Is informed consent better on a computer?

There's a new trend in outpatient surgery toward computer-based informed consent. But does this method offer any advantages, legal or otherwise? Yes, according to sources interviewed by Same-Day Surgery.

"One of the biggest advantages of computer-based informed consent is the immediate viewing/verification of the consent form in different areas of the hospital," says Michael S. Fladland, MSN/HCA, RN, manager of the Portland Outpatient Procedures and Surgeries (POPS) unit at Portland VA Medical Center.

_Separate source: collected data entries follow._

Lemma integral_lnN_dist_normr_le (m : R) : (0 <= m <= 2^-1)%R ->
  \int[mu]_(y in `[(- 2^-1)%R, (2^-1)%R]) (- ln `| `|y| - m|)%:E <=
  (2 * ln 2 + 1)%:E.
Proof.
move=> /andP[m0 m1].
have mg : measurable_fun setT (fun y : R => (- ln `| `|y| - m|)%:E).
  apply: measurable_lnN; apply: measurableT_comp; first exact: normr_measurable.
  by apply: measurable_funB; [exact: normr_measurable | exact: measurable_cst].
have g0 (y : R) : `[(- 2^-1)%R, (2^-1)%R]%classic y -> 0 <= (- ln `| `|y| - m|)%:E.
  rewrite /= in_itv /= lee_fin oppr_ge0 => /andP[y1 y2]; apply: ln_le0.
  have yn : (`|y| <= 2^-1)%R by rewrite ler_norml y1 y2.
  by rewrite ler_norml; have := normr_ge0 y; move=> ?; apply/andP; split; lra.
rewrite (@itv_bndbnd_setU _ _ _ (BLeft 0%R)) ?bnd_simp ?oppr_le0 //.
rewrite ge0_integral_setU //; last 3 first.
- exact: measurable_funTS.
- by rewrite -itv_bndbnd_setU ?bnd_simp ?oppr_le0.
- apply/disj_setPS => y [/=]; rewrite !in_itv /= => /andP[_ y0] /andP[/lt_le_trans].
  by move=> /(_ _ y0); rewrite ltxx.
have left_le : \int[mu]_(y in `[(- 2^-1)%R, 0%R[) (- ln `| `|y| - m|)%:E <=
    (ln 2 + 2^-1)%:E.
  rewrite integral_itv_bndo_bndc; last exact: measurable_funTS.
  under eq_integral => y /[!inE] /= /[!in_itv] /= /andP[_ y0] do
    rewrite (ler0_norm y0) -opprD normrN -{1}(opprK m).
  rewrite [X in `[_, X]](_ : 0 = - 2^-1 + 2^-1)%R; last by rewrite addNr.
  by apply: integral_lnN_dist_le; apply/andP; split; lra.
have right_le : \int[mu]_(y in `[0%R, (2^-1)%R]) (- ln `| `|y| - m|)%:E <=
    (ln 2 + 2^-1)%:E.
  under eq_integral => y /[!inE] /= /[!in_itv] /= /andP[y0 _] do
    rewrite (ger0_norm y0).
  rewrite {1}(_ : 2^-1 = 0 + 2^-1)%R; last by rewrite add0r.
  by apply: integral_lnN_dist_le; apply/andP; split; lra.
apply: le_trans (leeD left_le right_le) _.
by rewrite -EFinD lee_fin; lra.
Qed.

End lnN_integrals.

Lemma integral_ge_oppe_funeneg d (T : measurableType d) (R : realType)
    (mu : {measure set T -> \bar R}) (D : set T) (f : T -> \bar R) (B : \bar R) :
  (\int[mu]_(x in D) f^\- x <= B)%E -> (- B <= \int[mu]_(x in D) f x)%E.
Proof.
move=> fB; rewrite integralE.
have f0 : (0 <= \int[mu]_(x in D) f^\+ x)%E.
  by apply: integral_ge0 => x _; exact: funepos_ge0.
by have := leeB f0 fB; rewrite sub0e.
Qed.

Section exprn_log_integral.
Variable R : realType.
Notation mu := (@lebesgue_measure R).

Lemma funeneg_ln_dist_exprn_le (a : nat) (x y : R) : (0 < a)%N ->
  `|y| <= 2^-1 -> `|y| != Num.min `|x| 2^-1 ->
  ((fun z => (ln `|x ^+ a - z ^+ a|)%:E)^\- y <=
   (a%:R * - ln `| `|y| - Num.min `|x| 2^-1|)%:E)%E.
Proof.
set m := Num.min `|x| 2^-1 => a0 y1 ym.
have /andP[m0 m1] : 0 <= m <= 2^-1 by rewrite minr_normr_itv.
rewrite funenegE -EFinN -EFin_max lee_fin.
apply: lnN_dist_exprn_le => //.
- by rewrite normr_gt0 subr_eq0.
- by rewrite ler_norml; have := normr_ge0 y; move=> ?; apply/andP; split; lra.
- exact: ler_dist_minr.
Qed.

Lemma integral_funeneg_ln_dist_exprn_le (a : nat) (x : R) : (0 < a)%N ->
  (\int[mu]_(y in `[(- 2^-1)%R, (2^-1)%R]) (fun z => (ln `|x ^+ a - z ^+ a|)%:E)^\- y <=
   (a%:R * (2 * ln 2 + 1))%:E)%E.
Proof.
move=> a0; set m := Num.min `|x| 2^-1.
have /andP[m0 m1] : 0 <= m <= 2^-1 by rewrite minr_normr_itv.
have mf : measurable_fun setT (fun y : R => (ln `|x ^+ a - y ^+ a|)%:E).
  apply/measurable_EFinP; apply: measurableT_comp; first exact: measurable_ln.
  apply: measurableT_comp; first exact: normr_measurable.
  by apply: measurable_funB; [exact: measurable_cst | exact: measurable_funX].
have mg : measurable_fun setT (fun y : R => (- ln `| `|y| - m|)%:E).
  apply: measurable_lnN; apply: measurableT_comp; first exact: normr_measurable.
  by apply: measurable_funB; [exact: normr_measurable | exact: measurable_cst].
have y_half (y : R) : `[(- 2^-1)%R, 2^-1%R]%classic y -> `|y| <= 2^-1.
  by rewrite /= in_itv /= ler_norml.
have g0 (y : R) : `[(- 2^-1)%R, 2^-1%R]%classic y -> (0 <= (- ln `| `|y| - m|)%:E)%E.
  move=> /y_half y1; rewrite lee_fin oppr_ge0 ln_le0 // ler_norml.
  by have := normr_ge0 y; move=> ?; apply/andP; split; lra.
apply: (@le_trans _ _
  (\int[mu]_(y in `[(- 2^-1)%R, (2^-1)%R]) (a%:R%:E * (- ln `| `|y| - m|)%:E))%E).
  apply: ae_ge0_le_integral => //.
  - by apply: measurable_funeneg; exact: measurable_funTS.
  - by move=> y /g0; apply: mule_ge0.
  - by apply: emeasurable_funM; [exact: measurable_cst | exact: measurable_funTS].
  have N1 (r : R) : mu.-negligible [set r].
    by exists [set r]; split => //; exact: lebesgue_measure_set1.
  apply: negligibleS (negligibleU (N1 m) (N1 (- m))) => y /= /not_implyP[/y_half y1].
  have [ym|ym] := eqVneq `|y| m; last first.
    by rewrite -EFinM => /negP; rewrite funeneg_ln_dist_exprn_le.
  move=> _; move: ym; have [y0|y0] := leP 0 y.
    by rewrite ger0_norm // => ->; left.
  by rewrite ltr0_norm // => <-; right; rewrite opprK.
rewrite ge0_integralZl_EFin //; last exact: measurable_funTS.
rewrite EFinM lee_wpmul2l ?lee_fin //.
by apply: integral_lnN_dist_normr_le; rewrite m0 m1.
Qed.

End exprn_log_integral.

Theorem mainTheorem6 (R : realType) (a : nat) (x : R) : (1 <= a)%N ->
  ((- (a%:R * (2 * ln (2 : R) + 1)))%:E <=
   \int[(@lebesgue_measure R)]_(y in `[(- 2^-1)%R, (2^-1)%R])
      (ln `|x ^+ a - y ^+ a|%R)%:E)%E.
Proof.
move=> a1; rewrite EFinN; apply: integral_ge_oppe_funeneg.
exact: integral_funeneg_ln_dist_exprn_le.
Qed.
Theorem lemma3p1 (T : finType) (G H : rel T) (k : nat) (C : seq T) :
  simple_graph G -> simple_graph H ->
  spanner G H k ->
  shortest_cycle H C ->
  2 * (#|T| - k) <= size C <= k + 1 ->
  exists a b, cycle_edge C a b /\ spanner G (remove_edge H a b) k.
Proof.
move=> _ [symH _] spanH [[C3 /andP[cycleC uniqC]] _] /andP[lowL highL].
have cardT : #|T| = size C + #|off_cycle C|.
  rewrite -(card_uniqP uniqC) -(cardC [in C]); congr (_ + _).
  by apply: eq_card => x; rewrite !inE.
have C_k : 2 < size C <= k.+1 by lia.
have few_off : size C + 2 * #|off_cycle C| <= 2 * k by lia.
have [a aC robust] := exists_robust_edge symH uniqC cycleC C_k few_off.
exists a, (next C a); split=> //.
by apply: spanner_subgraph spanH _ _ => [x y /andP[] | x y d /robust].
Qed.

At his facility, the ORs are on separate floors. Patients having outpatient procedures will be checked in on the POPS floor, then transferred to an OR suite in a different area of the hospital. "The OR nurses are able to verify the consent is complete electronically prior to the patient entering the room," Fladland says.

The VA hospitals in Portland and other locations use the iMedConsent program from Dialog Medical in Atlanta for all procedures. The program is designed for doctors and patients to review together. There are some versions written for patients with a sixth-grade reading level.

"We also use the computer-based discharge education form [developed inhouse and added to iMedConsent] where the patient/family member will sign that they received the document and then save electronically," Fladland says. "If a patient encounters difficulty post-discharge and calls the advice line, the advice nurse has access to the exact discharge form to refer the patient or family member to for assistance." Staff go over the patient's education in the form and then have the patient sign using the electronic signature pad.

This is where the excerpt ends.